Earlier this week, Michael Higgins, the chairman of Ebiquity, a media auditor and pitch consultant which advises about 80 of the world’s top 100 advertisers, sounded a warning at his company’s annual results.

He said: “It is a striking fact that today only about 40% of digital programmatic advertising investment reaches the consumer, with value being eroded by the multiple links between advertisers and publishers, fraud, lack of viewability and non-human traffic.

“I don’t envy any business leader who has to tell his board and shareholders that they’re investing in anything that suffers up to 60% wastage. The trouble is, that’s what many CMOs should be saying.”

Higgins, a former partner at KPMG, said the rise of technology “has helped make the broad marketing ecosystem ever-more complex, inevitably more confusing, and often less transparent than one might expect”.

Ebiquity advised the Association of National Advertisers in its investigation into “non-transparent” business practices at US media agencies last year.

The annual results show the company spent £285,000 of its own money on “the transparency work performed for the US Association of National Advertisers”.

Higgins added that advertisers “need more help than ever from an independent firm with the necessary knowledge and expertise to navigate their way through this”.

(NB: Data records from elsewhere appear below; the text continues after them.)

Lemma card_face_types0 : (0 < k <= n)%N -> #|face_types n k 0| = 'C(n, k) + 'C(n, k.-1).
Proof.
move=> k_range.
have -> : face_types n k 0 = [set t : {set I} * {set I} |
    (#|t.1| == 0) && ((t.2 \subset ~: t.1) && (#|t.2| == k))].
  apply/setP => -[S O]; rewrite !inE /= /admissible disjoint_sym disjoints_subset.
  by case: (O \subset ~: S) => /=; [lia | rewrite !andbF].
rewrite (card_set_pairs (fun S => #|S| == 0)
  (fun S O => (O \subset ~: S) && (#|O| == k))).
rewrite (eq_bigl [in [set S : {set I} | #|S| == 0]]); last by move=> S; rewrite inE.
rewrite (eq_bigr (fun _ => 'C(n.+1, k))); last first.
  by move=> S; rewrite inE => /eqP S0; rewrite cards_draws cardC_ord S0 subn0.
by rewrite sum_nat_const card_draws card_ord bin0 mul1n; case: k k_range => // k' _.
Qed.

Lemma card_face_types j : (1 <= j)%N ->
  #|face_types n k j| = 'C(n.+1, j.+1) * \sum_(k - j <= s < k) 'C(n - j, s).
Proof.
move=> j_gt0; rewrite face_typesE // (card_set_pairs (fun S => #|S| == j.+1)
  (fun S O => (O \subset ~: S) && (k - j <= #|O| < k))).
rewrite (eq_bigl [in [set S : {set I} | #|S| == j.+1]]); last by move=> S; rewrite inE.
rewrite (eq_bigr (fun _ => \sum_(k - j <= s < k) 'C(n - j, s))); last first.
  by move=> S; rewrite inE => /eqP Sj; rewrite card_subsets_range cardC_ord Sj subSS.
by rewrite sum_nat_const card_draws card_ord.
Qed.

(* The faces lost in the half-open hypersimplex are those with the slack coordinate
   [ord_max] in [O]: choose [S] away from [ord_max], then [O :\ ord_max]. *)
Lemma face_types_max_in j : (1 <= j)%N ->
  face_types n k j :\: half_open_face_types n k j =
  [set t : {set I} * {set I} | ((#|t.1| == j.+1) && (ord_max \notin t.1)) &&
     [&& t.2 \subset ~: t.1, ord_max \in t.2 & k - j <= #|t.2| < k]].
Proof.
move=> j_gt0; apply/setP => -[S O].
rewrite /half_open_face_types face_typesE // !inE /=.
case: (boolP (ord_max \in O)) => maxO; rewrite /= ?andbT ?andbF ?andNb //.
case: (boolP (O \subset ~: S)) => OS; rewrite /= ?andbF //.
by have := subsetP OS _ maxO; rewrite inE => ->; rewrite andbT.
Qed.

Lemma card_face_types_max_in j : (1 <= j)%N ->
  #|face_types n k j :\: half_open_face_types n k j| =
  'C(n, j.+1) * \sum_(k.-1 - j <= s < k.-1) 'C(n - j - 1, s).
Proof.
move=> j_gt0; rewrite face_types_max_in //.
rewrite (card_set_pairs (fun S => (#|S| == j.+1) && (ord_max \notin S))
  (fun S O => [&& O \subset ~: S, ord_max \in O & k - j <= #|O| < k])).
rewrite (eq_bigr (fun _ => \sum_(k.-1 - j <= s < k.-1) 'C(n - j - 1, s))).
  rewrite (eq_bigl [in [set S : {set I} | (S \subset ~: [set ord_max]) && (#|S| == j.+1)]]).
    by rewrite sum_nat_const cards_draws cardsC1 card_ord.
  by move=> S; rewrite !inE subsetC sub1set inE andbC.
move=> S /andP[/eqP Sj maxS].
rewrite (@card_subsets_containing _ (~: S) ord_max (fun m => k - j <= m < k)) ?inE //.
rewrite (eq_card (B := [set O : {set I} |
  (O \subset ~: S :\ ord_max) && (k.-1 - j <= #|O| < k.-1)])).
  have cardD : #|~: S :\ ord_max| = n - j - 1.
    by have := cardsD1 ord_max (~: S); rewrite inE maxS cardC_ord Sj subSS; lia.
  by rewrite card_subsets_range cardD.
by move=> O; rewrite !inE; case: (O \subset _) => //=; set m := #|O|; lia.
Qed.

Lemma card_face_types_split j : (1 <= j)%N ->
  #|face_types n k j| = #|half_open_face_types n k j| +
    'C(n, j.+1) * \sum_(k.-1 - j <= s < k.-1) 'C(n - j - 1, s).
Proof.
move=> j_gt0; rewrite -card_face_types_max_in //.
rewrite -(cardsID [set t : {set I} * {set I} | ord_max \notin t.2] (face_types n k j)).
congr (_ + _); apply: eq_card => t; rewrite /half_open_face_types !inE //.
by case: (ord_max \in t.2); case: (admissible k t.1 t.2); case: (_ == j).
Qed.

End FaceTypeCount.

Theorem corollary1p4 (R : realType) (n k : nat) :
  (0 < k <= n)%N ->
  num_sets _ (j_face R n (hypersimplex R n k) 0) ('C(n, k) + 'C(n, k.-1))%N /\
  (forall j : nat, (1 <= j <= n)%N ->
     exists a b : nat,
       num_sets _ (j_face R n (hypersimplex R n k) j) a /\
       num_sets _ (ho_j_face R n k j) b /\
       a = (b + 'C(n, j.+1) * \sum_(k.-1 - j <= s < k.-1) 'C(n - j - 1, s))%N /\
       a = ('C(n.+1, j.+1) * \sum_(k - j <= s < k) 'C(n - j, s))%N).
Proof.
move=> k_range; split; first by rewrite -card_face_types0 //; apply: num_j_faces.
move=> j /andP[j_gt0 _].
exists #|face_types n k j|, #|half_open_face_types n k j|.
split; first exact: num_j_faces.
split; first exact: num_half_open_j_faces.
by split; [apply: card_face_types_split | apply: card_face_types].
Qed.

Higgins obviously has a stake in this, but he’s right. I think we will see a change in media agencies’ behaviour – they will focus more on judgement, experience and understanding rather than automation, programmatic buying and algorithms. This will add to the workload and inevitably, increase costs as more humans may have to be hired and trained. For those who move quickly, there may be an advantage, but others either may find themselves dropped by clients demanding trust, transparency and accountability.

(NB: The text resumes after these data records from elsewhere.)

(* Let $G$ be a finite group, let $S$ be an irreducible $\mathbb{R}G$-module of odd dimension such that $(G,S)$ has the eigenvalue one property, and let $V$ be the direct sum of an odd number of copies of $S$. Then $(G,V)$ has the eigenvalue one property.
   Context: For a finite group $G$ and a finite-dimensional $\mathbb{R}G$-module $W$ affording $\rho\colon G\to\mathrm{GL}(W)$, the pair $(G,W)$ has the eigenvalue one property if for every $n\in N_{\mathrm{GL}(W)}(\rho(G))$ of finite order there is $g\in G$ such that $\rho(g)n$ has eigenvalue $1$. *)

From mathcomp Require Import all_boot all_order all_algebra all_fingroup.
From mathcomp Require Import mxrepresentation.
From mathcomp Require Import reals.
Set Implicit Arguments. Unset Strict Implicit. Unset Printing Implicit Defensive.
Import GRing.Theory Num.Theory.
Local Open Scope ring_scope.

(* (G, W) has the eigenvalue one property, where W = R^n is the module
   affording rho : gT -> 'M[R]_n (MathComp convention: row vectors,
   matrices acting on the right). *)
Definition eigenvalue_one_property (R : realType) (gT : finGroupType)
    (G : {group gT}) (n : nat) (rho : gT -> 'M[R]_n) : Prop :=
  forall N : 'M[R]_n,
    N \in unitmx ->
    (forall g, g \in G -> exists2 h, h \in G & N *m rho g *m invmx N = rho h) ->
    (forall h, h \in G -> exists2 g, g \in G & N *m rho g *m invmx N = rho h) ->
    (exists k : nat, (0 < k)%N /\ N ^+ k = 1%:M) ->
    exists2 g, g \in G & eigenvalue (rho g *m N) 1.

(* The direct sum of m copies of the module affording rho:
   the block-diagonal matrix diag(rho g, ..., rho g) ; its dimension is
   \sum_(i < m) n = m * n. *)
Definition copies_mx (R : realType) (gT : finGroupType) (n m : nat)
    (rho : gT -> 'M[R]_n) (g : gT) : 'M[R]_(\sum_(i < m) n) :=
  \mxdiag_(i < m) rho g.

From mathcomp Require Import all_boot all_order all_algebra all_fingroup.
From mathcomp Require Import mxrepresentation.
From mathcomp Require Import reals polyrcf.
Set Implicit Arguments. Unset Strict Implicit. Unset Printing Implicit Defensive.
Import GRing.Theory Num.Theory.
Local Open Scope ring_scope.

(* Let N be a matrix of finite order k normalising diag(rho G) on V = S^m.
   Every block of N conjugates rho g into rho h for one and the same h, so by
   Schur's lemma a nonzero block X is invertible; as dim S is odd, every
   endomorphism commuting with rho has a real eigenvalue and is thus scalar,
   so every block is a real multiple of X, i.e. N = A (x) X.  From N^k = 1 we
   get A^k = c and X^k = c^-1.  As m is odd, A has a real eigenvalue l, and
   l^k = c; hence l X has finite order and normalises rho(G), so the property
   for S gives g and u with u (rho g) (l X) = u.  For w with w A = l w, the
   vector w (x) u is then fixed by diag(rho g) N. *)

Lemma scalar_mx_inj (R : pzSemiRingType) n (a b : R) :
  (0 < n)%N -> a%:M = b%:M :> 'M[R]_n -> a = b.
Proof.
by move=> n_gt0 /matrixP/(_ (Ordinal n_gt0) (Ordinal n_gt0)); rewrite !mxE eqxx.
Qed.

Lemma unitmx_neq0 (F : fieldType) n (A : 'M[F]_n) :
  (0 < n)%N -> A \in unitmx -> A != 0.
Proof.
move=> n_gt0 uA; apply: contraTneq n_gt0 => A0.
by rewrite -(mxrank_unit uA) A0 mxrank0.
Qed.

Lemma exp_scalemx (R : comPzRingType) n (a : R) (A : 'M[R]_n) k :
  (a *: A) ^+ k = a ^+ k *: A ^+ k.
Proof.
elim: k => [|k IHk]; first by rewrite !expr0 scale1r.
by rewrite !exprS IHk -!mulmxE -scalemxAl -scalemxAr scalerA.
Qed.

Lemma eigenvalueZ (F : fieldType) n (A : 'M[F]_n) a b :
  eigenvalue A a -> eigenvalue (b *: A) (b * a).
Proof.
case/eigenvalueP=> v vA nz_v; apply/eigenvalueP; exists v => //.
by rewrite -scalemxAr vA scalerA mulrC.
Qed.

Lemma eigenvalue_expr_scalar (F : fieldType) n (A : 'M[F]_n) a c k :
  eigenvalue A a -> A ^+ k = c%:M -> a ^+ k = c.
Proof.
case/eigenvalueP=> v vA nz_v Ak.
have vAt t : v *m A ^+ t = a ^+ t *: v.
  elim: t => [|t IHt]; first by rewrite !expr0 mulmx1 scale1r.
  by rewrite exprSr -mulmxE mulmxA IHt -scalemxAl vA scalerA -exprSr.
have := vAt k; rewrite Ak mul_mx_scalar => /eqP; rewrite -subr_eq0 -scalerBl.
by rewrite scaler_eq0 (negbTE nz_v) orbF subr_eq0 => /eqP.
Qed.

Lemma odd_eigenvalue (R : rcfType) n (A : 'M[R]_n) :
  odd n -> exists a, eigenvalue A a.
Proof.
move=> odd_n; have [|a ra] := @odd_poly_root R (char_poly A).
  by rewrite size_char_poly /= odd_n.
by exists a; rewrite eigenvalue_root_char.
Qed.

Section KroneckerProduct.
Variables (R : comPzRingType) (m n : nat).

Definition kron_mx (A : 'M[R]_m) (X : 'M[R]_n) : 'M[R]_(\sum_(i < m) n) :=
  \mxblock_(i, j) (A i j *: X).

Lemma submxblock_kron A X i j : submxblock (kron_mx A X) i j = A i j *: X.
Proof. exact: mxblockK. Qed.

Lemma mul_kron_mx A1 X1 A2 X2 :
  kron_mx A1 X1 *m kron_mx A2 X2 = kron_mx (A1 *m A2) (X1 *m X2).
Proof.
rewrite /kron_mx mul_mxblock; apply/eq_mxblock => i j.
rewrite mxE scaler_suml; apply: eq_bigr => l _.
by rewrite -scalemxAl -scalemxAr scalerA.
Qed.

Lemma kron_mx1 : kron_mx 1%:M 1%:M = 1%:M.
Proof.
rewrite -(mxdiagZ (p_ := fun=> n)) /mxdiag /kron_mx; apply/eq_mxblock => i j.
by rewrite mxE; case: eqP => _; rewrite ?conform_mx_id ?scale1r ?scale0r.
Qed.

Lemma kron_mxX A X k : kron_mx A X ^+ k = kron_mx (A ^+ k) (X ^+ k).
Proof.
elim: k => [|k IHk]; first by rewrite !expr0 kron_mx1.
by rewrite !exprS IHk -!mulmxE mul_kron_mx.
Qed.

Lemma kron_mxZ (a : R) (A : 'M[R]_m) (X : 'M[R]_n) :
  kron_mx (a *: A) X = kron_mx A (a *: X).
Proof. by apply/mxblockP => i j; rewrite !submxblock_kron mxE scalerA mulrC. Qed.

End KroneckerProduct.

Lemma submxrowZ (R : pzRingType) m q (q_ : 'I_q -> nat) (c : R)
    (M : 'M[R]_(m, \sum_i q_ i)) j :
  submxrow (c *: M) j = c *: submxrow M j.
Proof. by apply/matrixP => i k; rewrite !mxE. Qed.

Lemma eigenvalue_mxdiag_kron (F : fieldType) m n (D X : 'M[F]_n) (A : 'M[F]_m) a b :
  eigenvalue (D *m X) a -> eigenvalue A b ->
  eigenvalue (\mxdiag_(i < m) D *m kron_mx A X) (b * a).
Proof.
case/eigenvalueP=> u uDX nz_u /eigenvalueP[w wA nz_w].
apply/eigenvalueP; exists (\mxrow_j (w 0 j *: u)).
  rewrite mulmxA mul_mxrow_mxdiag mul_mxrow_mxblock.
  apply/mxrowP => j; rewrite submxrowZ !mxrowK.
  transitivity (\sum_i (w 0 i * A i j) *: (a *: u)).
    apply: eq_bigr => i _.
    by rewrite -!scalemxAl -scalemxAr -mulmxA uDX !scalerA mulrC.
  have wAj : \sum_i w 0 i * A i j = b * w 0 j.
    by have := congr1 (fun M : 'rV_m => M 0 j) wA; rewrite !mxE.
  by rewrite -scaler_suml wAj !scalerA mulrAC.
apply: contra_neq nz_w => wu0; apply/rowP => j.
have /eqP := congr1 (fun v : 'rV_(\sum_(i < m) n) => submxrow v j) wu0.
by rewrite mxrowK submxrow0 scaler_eq0 (negbTE nz_u) orbF mxE => /eqP.
Qed.

Lemma kron_mx_expr_eq1 (F : fieldType) m n (A : 'M[F]_m) (X : 'M[F]_n) k :
    (0 < m)%N -> (0 < n)%N -> kron_mx A X ^+ k = 1%:M ->
  exists2 c, c != 0 & A ^+ k = c%:M /\ X ^+ k = c^-1%:M.
Proof.
move=> m_gt0 n_gt0; rewrite kron_mxX -kron_mx1 => eqAX.
have blocks i j : (A ^+ k) i j *: X ^+ k = (1%:M : 'M_m) i j *: 1%:M.
  by rewrite -!submxblock_kron eqAX.
pose c := (A ^+ k) (Ordinal m_gt0) (Ordinal m_gt0).
have cXk : c *: X ^+ k = 1%:M by rewrite blocks mxE eqxx scale1r.
have c_neq0 : c != 0.
  apply: contraNneq (unitmx_neq0 n_gt0 (unitmx1 F n)) => c0.
  by rewrite -cXk c0 scale0r.
have Xk : X ^+ k = c^-1%:M by rewrite -scalemx1 -cXk scalerA mulVf ?scale1r.
exists c => //; split => //; apply/matrixP => i j.
have := blocks i j; rewrite Xk !scale_scalar_mx mulr1 => /(scalar_mx_inj n_gt0).
by rewrite !mxE => eqAij; rewrite -[LHS](divfK c_neq0) eqAij mulr_natl.
Qed.

Lemma submxblock_mxdiag_comm (R : pzSemiRingType) p (p_ : 'I_p -> nat)
    (N : 'M[R]_(\sum_i p_ i)) (D1 D2 : forall i, 'M[R]_(p_ i)) :
  N *m \mxdiag_i D1 i = \mxdiag_i D2 i *m N ->
  forall i j, submxblock N i j *m D1 j = D2 i *m submxblock N i j.
Proof.
rewrite -[N]submxblockK mul_mxblock_mxdiag mul_mxdiag_mxblock => eqN i j.
by have := congr1 (submxblock ^~ i ^~ j) eqN; rewrite !mxblockK.
Qed.

Lemma submxblock_neq0 (R : nmodType) p q (p_ : 'I_p -> nat) (q_ : 'I_q -> nat)
    (N : 'M[R]_(\sum_i p_ i, \sum_j q_ j)) :
  N != 0 -> exists i j, submxblock N i j != 0.
Proof.
move=> nzN.
suff /existsP[i /existsP[j nzNij]] : [exists i, exists j, submxblock N i j != 0].
  by exists i, j.
apply: contraNT nzN => /existsPn N0; apply/eqP/mxblockP => i j.
by rewrite submxblock0; apply/eqP; move/existsPn/(_ j)/negPn: (N0 i).
Qed.

Definition mx_normalizes (R : pzRingType) (gT : finGroupType) (G : {set gT}) n
    (rho : gT -> 'M[R]_n) (N : 'M[R]_n) : Prop :=
  (forall g, g \in G -> exists2 h, h \in G & N *m rho g = rho h *m N) /\
  (forall h, h \in G -> exists2 g, g \in G & N *m rho g = rho h *m N).

Lemma mx_normalizesZ (R : comPzRingType) (gT : finGroupType) (G : {set gT}) n
    (rho : gT -> 'M[R]_n) (N : 'M[R]_n) a :
  mx_normalizes G rho N -> mx_normalizes G rho (a *: N).
Proof.
have scaleN g h : N *m rho g = rho h *m N -> a *: N *m rho g = rho h *m (a *: N).
  by move=> eqN; rewrite -scalemxAl eqN scalemxAr.
by case=> nN1 nN2; split=> [g /nN1 | h /nN2] [x Gx /scaleN]; exists x.
Qed.

Lemma mx_normalizes_conj (R : comUnitRingType) (gT : finGroupType) (G : {set gT}) n
    (rho : gT -> 'M[R]_n) (N : 'M[R]_n) :
    N \in unitmx ->
  mx_normalizes G rho N <->
  (forall g, g \in G -> exists2 h, h \in G & N *m rho g *m invmx N = rho h) /\
  (forall h, h \in G -> exists2 g, g \in G & N *m rho g *m invmx N = rho h).
Proof.
move=> uN.
have conjE g h : N *m rho g *m invmx N = rho h <-> N *m rho g = rho h *m N.
  by split=> [<- | ->]; rewrite ?mulmxKV ?mulmxK.
by split=> -[nN1 nN2]; split=> [g /nN1 | h /nN2] [x Gx /conjE]; exists x.
Qed.

Section TwistedSchur.
Variables (F : fieldType) (gT : finGroupType) (G : {group gT}) (n : nat).
Variable rS : mx_representation F G n.
Hypothesis irr_rS : mx_irreducible rS.

Lemma mx_Schur_twisted (X : 'M[F]_n) :
  (forall h, h \in G -> exists2 g, g \in G & X *m rS g = rS h *m X) ->
  X != 0 -> X \in unitmx.
Proof.
move=> twX nzX; have [_ irr_full] := (mx_irrP rS).1 irr_rS.
rewrite -row_free_unit -kermx_eq0; apply: contraNT nzX => nzK.
have modK : mxmodule rS (kermx X).
  apply/mxmoduleP => h Gh; have [g _ eqX] := twX h Gh.
  have := congr1 (mulmx (kermx X)) eqX; rewrite !mulmxA mulmx_ker mul0mx.
  by rewrite sub_kermx => /esym/eqP.
have uK : kermx X \in unitmx by rewrite -row_full_unit irr_full.
by rewrite -(mulKmx uK X) mulmx_ker mulmx0.
Qed.

End TwistedSchur.

Section OddSchur.
Variables (R : rcfType) (gT : finGroupType) (G : {group gT}) (n : nat).
Variable rS : mx_representation R G n.
Hypotheses (irr_rS : mx_irreducible rS) (odd_n : odd n).

Lemma odd_irr_cent_scalar (Y : 'M[R]_n) : centgmx rS Y -> exists a, Y = a%:M.
Proof.
move=> cY; have [a /eigenvalueP[v vY nz_v]] := odd_eigenvalue Y odd_n.
exists a; apply/eqP; rewrite -subr_eq0; apply: contraNT nz_v => nzYa.
have cYa : centgmx rS (Y - a%:M).
  by apply/centgmxP => x Gx; rewrite mulmxBl mulmxBr (centgmxP cY) ?scalar_mxC.
have uYa := mx_Schur irr_rS cYa nzYa.
by rewrite -(mulmxK uYa v) mulmxBr vY mul_mx_scalar subrr mul0mx.
Qed.

Lemma twisted_intertwiners_proportional (X Y : 'M[R]_n) :
    X \in unitmx ->
    (forall h, h \in G -> exists2 g, g \in G &
       X *m rS g = rS h *m X /\ Y *m rS g = rS h *m Y) ->
  exists a, Y = a *: X.
Proof.
move=> uX twXY; suff [a YXa] : exists a, Y *m invmx X = a%:M.
  by exists a; rewrite -mul_scalar_mx -YXa mulmxKV.
apply: odd_irr_cent_scalar; apply/centgmxP => h Gh.
have [g _ [eqX eqY]] := twXY h Gh.
have eqXV : rS g *m invmx X = invmx X *m rS h.
  have := congr1 (fun M => invmx X *m M *m invmx X) eqX.
  by rewrite /= mulKmx // mulmxA mulmxK.
by have := congr1 (mulmx Y) eqXV; rewrite !mulmxA eqY => /esym.
Qed.

End OddSchur.

Lemma copies_mx_normalizer_kron (R : rcfType) (gT : finGroupType) (G : {group gT})
    n (rS : mx_representation R G n) m (N : 'M[R]_(\sum_(i < m) n)) :
    mx_irreducible rS -> odd n -> (0 < m)%N ->
    N \in unitmx -> mx_normalizes G (fun g => \mxdiag_(i < m) rS g) N ->
  exists A X, [/\ N = kron_mx A X, X \in unitmx & mx_normalizes G rS X].
Proof.
move=> irr_rS odd_n m_gt0 uN [nN1 nN2].
have blocksE g h : N *m \mxdiag_(i < m) rS g = \mxdiag_(i < m) rS h *m N ->
    forall i j, submxblock N i j *m rS g = rS h *m submxblock N i j.
  exact: submxblock_mxdiag_comm.
have dim_gt0 : (0 < \sum_(i < m) n)%N.
  by rewrite big_const_ord iter_addn addn0 muln_gt0 m_gt0 odd_gt0.
have [i0 [j0 nzX]] := submxblock_neq0 (unitmx_neq0 dim_gt0 uN).
pose X : 'M[R]_n := submxblock N i0 j0.
have twN h : h \in G -> exists2 g, g \in G &
    forall i j, submxblock N i j *m rS g = rS h *m submxblock N i j.
  by case/nN2=> g Gg /blocksE; exists g.
have uX : X \in unitmx.
  apply: (mx_Schur_twisted (X := X) irr_rS _ nzX) => h /twN[g Gg eqN].
  by exists g => //; exact: eqN.
have Nprop (ij : 'I_m * 'I_m) : exists a, submxblock N ij.1 ij.2 = a *: X.
  apply: (twisted_intertwiners_proportional (Y := submxblock N ij.1 ij.2)
            irr_rS odd_n uX).
  by move=> h /twN[g Gg eqN]; exists g => //; split; apply: eqN.
have [f Nf] := fin_all_exists Nprop.
exists (\matrix_(i, j) f (i, j)), X; split => //.
  by apply/mxblockP => i j; rewrite submxblock_kron mxE; exact: Nf (i, j).
by split=> [g /nN1 | h /nN2] [x Gx /blocksE eqN]; exists x => //; exact: eqN.
Qed.

Theorem lemma3p1p2 (R : realType) (gT : finGroupType) (G : {group gT})
    (n : nat) (rS : mx_representation R G n) (m : nat) :
  odd n -> mx_irreducible rS ->
  eigenvalue_one_property G rS ->
  odd m ->
  eigenvalue_one_property G (copies_mx m rS).
Proof.
move=> odd_n irr_rS ev_rS odd_m N uN nN1 nN2 [k [k_gt0 Nk1]].
have nN := (mx_normalizes_conj _ _ uN).2 (conj nN1 nN2).
have [A [X [NAX uX nX]]] :=
  copies_mx_normalizer_kron irr_rS odd_n (odd_gt0 odd_m) uN nN.
subst N.
have [c c_neq0 [Ak Xk]] := kron_mx_expr_eq1 (odd_gt0 odd_m) (odd_gt0 odd_n) Nk1.
have [l Al] := odd_eigenvalue A odd_m.
have lk : l ^+ k = c := eigenvalue_expr_scalar Al Ak.
have l_neq0 : l != 0.
  by apply: contraNneq c_neq0 => l0; rewrite -lk l0 expr0n gtn_eqF.
have ulX : l *: X \in unitmx by rewrite unitmxZ ?unitfE.
have [nlX1 nlX2] := (mx_normalizes_conj _ _ ulX).1 (mx_normalizesZ l nX).
have lXk : (l *: X) ^+ k = 1%:M by rewrite exp_scalemx Xk lk scale_scalar_mx mulfV.
have [g Gg lX1] := ev_rS _ ulX nlX1 nlX2 (ex_intro _ k (conj k_gt0 lXk)).
exists g => //; have := eigenvalue_mxdiag_kron lX1 (eigenvalueZ l^-1 Al).
by rewrite mulr1 mulVf // kron_mxZ scalerK.
Qed.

And if digital media agencies’ costs increase, we may see more consolidation, as shops and holding companies attempt to make savings. We may see agencies merge, or be bought out by others, or even – as Havas did recently – bring them back into the creative agency fold.

And to finish: there is another, even deeper – almost existential – issue that both Google and society have to address. Google, along with the likes of Facebook, Twitter, WhatsApp and Snapchat, were forged in a very singular and contradictory California culture: part libertarian, part hippy, part ruthless capitalist and part technocratic.

Even though these firms view themselves as technology companies, the rest of society (including the legislators) increasingly see them as broadcasters or media channels. And of course, being a broadcaster implies a modicum of responsibility. This many of the tech giants refuse to do.

While the technological excellence of these companies’ products cannot be doubted (Google is a marvel of the modern world, both in its simplicity, ease of use and effectiveness), their attitudes towards what they do look increasingly out of step with law-makers’ brands and, most importantly, the public. The spat between the Government and WhatsApp over encrypted data following the Westminster attack last week is a good example; in this one, virtually everyone outside Silicon Valley (even the most passionate free-speech advocates) would side with Home Secretary Amber Rudd I suspect.

How this issue will be resolved is anyone’s guess, although if Google and co. do not “clean up their act” then governments may well try to do it for them.